#### [Record extracts]
(** ** The objective [y |-> psimax psi y - (y - x)^2 / 2] *)

(** [y |-> psi(y) \/ psi(y-)] is upper semicontinuous when [psi] is càdlàg:
    near [w], values and left limits are close to [psi w] on the right of [w]
    and to [psi(w-)] on its left. *)
Lemma psimax_usc (psi : R -> R) (w : R) : cadlag psi -> usc_at (psimax psi) w.
Proof.
  intros [Hrc Hll] eps Heps.
  assert (HL := left_lim_spec psi w (Hll w)). set (L := left_lim psi w) in *.
  destruct (Hrc w (eps/2) ltac:(lra)) as [d1 [Hd1 H1]].
  destruct (HL (eps/2) ltac:(lra)) as [d2 [Hd2 H2]].
  pose proof (Rmin_l d1 d2). pose proof (Rmin_r d1 d2).
  pose proof (Rmin_glb_lt _ _ _ Hd1 Hd2).
  exists (Rmin d1 d2); split; auto. intros v Hv. apply Rabs_def2 in Hv.
  assert (Hw1 : psi w <= psimax psi w) by apply Rmax_l.
  assert (Hw2 : L <= psimax psi w) by apply Rmax_r.
  assert (HLv := left_lim_spec psi v (Hll v)).
  unfold psimax at 1.
  destruct (Rtotal_order v w) as [Hlt | [-> | Hgt]].
  - apply Rmax_lub.
    + specialize (H2 v ltac:(lra)). apply Rabs_def2 in H2. lra.
    + assert (left_lim psi v <= L + eps/2); [|lra].
      apply (left_lim_le psi v); auto. exists (v - (w - Rmin d1 d2)). split; [lra|].
      intros u Hu. specialize (H2 u ltac:(lra)). apply Rabs_def2 in H2. lra.
  - unfold psimax; lra.
  - apply Rmax_lub.
    + specialize (H1 v ltac:(lra)). apply Rabs_def2 in H1. lra.
    + assert (left_lim psi v <= psi w + eps/2); [|lra].
      apply (left_lim_le psi v); auto. exists (v - w). split; [lra|].
      intros u Hu. specialize (H1 u ltac:(lra)). apply Rabs_def2 in H1. lra.
Qed.

(** Subtracting a continuous function preserves upper semicontinuity. *)
Lemma objective_usc (psi : R -> R) (x w : R) : cadlag psi -> usc_at (objective psi x) w.
Proof.
  intros Hc eps Heps.
  destruct (psimax_usc psi w Hc (eps/2) ltac:(lra)) as [d1 [Hd1 H1]].
  set (A := Rabs (w - x)). assert (HA : 0 <= A) by apply Rabs_pos.
  set (d2 := eps / (2 * (A + 1))).
  assert (Hd2 : 0 < d2) by (unfold d2; apply Rdiv_lt_0_compat; lra).
  assert (Hd2A : d2 * (A + 1) = eps / 2) by (unfold d2; field; lra).
  pose proof (Rmin_l d1 d2). pose proof (Rmin_r d1 d2).
  pose proof (Rmin_glb_lt _ _ _ Hd1 Hd2).
  exists (Rmin d1 d2); split; auto. intros v Hv.
  specialize (H1 v ltac:(lra)).
  assert (Hcross : - ((v - w) * (w - x)) <= Rabs (v - w) * A).
  { unfold A. rewrite <- Rabs_mult, <- Rabs_Ropp. apply Rle_abs. }
  assert (Hcross' : Rabs (v - w) * A <= d2 * A) by (apply Rmult_le_compat_r; lra).
  assert (Hsq : (v - x) ^ 2 = (w - x) ^ 2 + 2 * ((v - w) * (w - x)) + (v - w) ^ 2) by ring.
  pose proof (pow2_ge_0 (v - w)).
  unfold objective. rewrite Hsq. nra.
Qed.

#### [Exercise aim]
Reproduce only the lines between the line containing "assert (Hw1 : psi" and the last line of the records, those two lines included, exactly.

#### [Response to the exercise]
  assert (Hw1 : psi w <= psimax psi w) by apply Rmax_l.
  assert (Hw2 : L <= psimax psi w) by apply Rmax_r.
  assert (HLv := left_lim_spec psi v (Hll v)).
  unfold psimax at 1.
  destruct (Rtotal_order v w) as [Hlt | [-> | Hgt]].
  - apply Rmax_lub.
    + specialize (H2 v ltac:(lra)). apply Rabs_def2 in H2. lra.
    + assert (left_lim psi v <= L + eps/2); [|lra].
      apply (left_lim_le psi v); auto. exists (v - (w - Rmin d1 d2)). split; [lra|].
      intros u Hu. specialize (H2 u ltac:(lra)). apply Rabs_def2 in H2. lra.
  - unfold psimax; lra.
  - apply Rmax_lub.
    + specialize (H1 v ltac:(lra)). apply Rabs_def2 in H1. lra.
    + assert (left_lim psi v <= psi w + eps/2); [|lra].
      apply (left_lim_le psi v); auto. exists (v - w). split; [lra|].
      intros u Hu. specialize (H1 u ltac:(lra)). apply Rabs_def2 in H1. lra.
Qed.

(** Subtracting a continuous function preserves upper semicontinuity. *)
Lemma objective_usc (psi : R -> R) (x w : R) : cadlag psi -> usc_at (objective psi x) w.
Proof.
  intros Hc eps Heps.
  destruct (psimax_usc psi w Hc (eps/2) ltac:(lra)) as [d1 [Hd1 H1]].
  set (A := Rabs (w - x)). assert (HA : 0 <= A) by apply Rabs_pos.
  set (d2 := eps / (2 * (A + 1))).
  assert (Hd2 : 0 < d2) by (unfold d2; apply Rdiv_lt_0_compat; lra).
  assert (Hd2A : d2 * (A + 1) = eps / 2) by (unfold d2; field; lra).
  pose proof (Rmin_l d1 d2). pose proof (Rmin_r d1 d2).
  pose proof (Rmin_glb_lt _ _ _ Hd1 Hd2).
  exists (Rmin d1 d2); split; auto. intros v Hv.
  specialize (H1 v ltac:(lra)).
  assert (Hcross : - ((v - w) * (w - x)) <= Rabs (v - w) * A).
  { unfold A. rewrite <- Rabs_mult, <- Rabs_Ropp. apply Rle_abs. }
  assert (Hcross' : Rabs (v - w) * A <= d2 * A) by (apply Rmult_le_compat_r; lra).
  assert (Hsq : (v - x) ^ 2 = (w - x) ^ 2 + 2 * ((v - w) * (w - x)) + (v - w) ^ 2) by ring.
  pose proof (pow2_ge_0 (v - w)).
  unfold objective. rewrite Hsq. nra.
Qed.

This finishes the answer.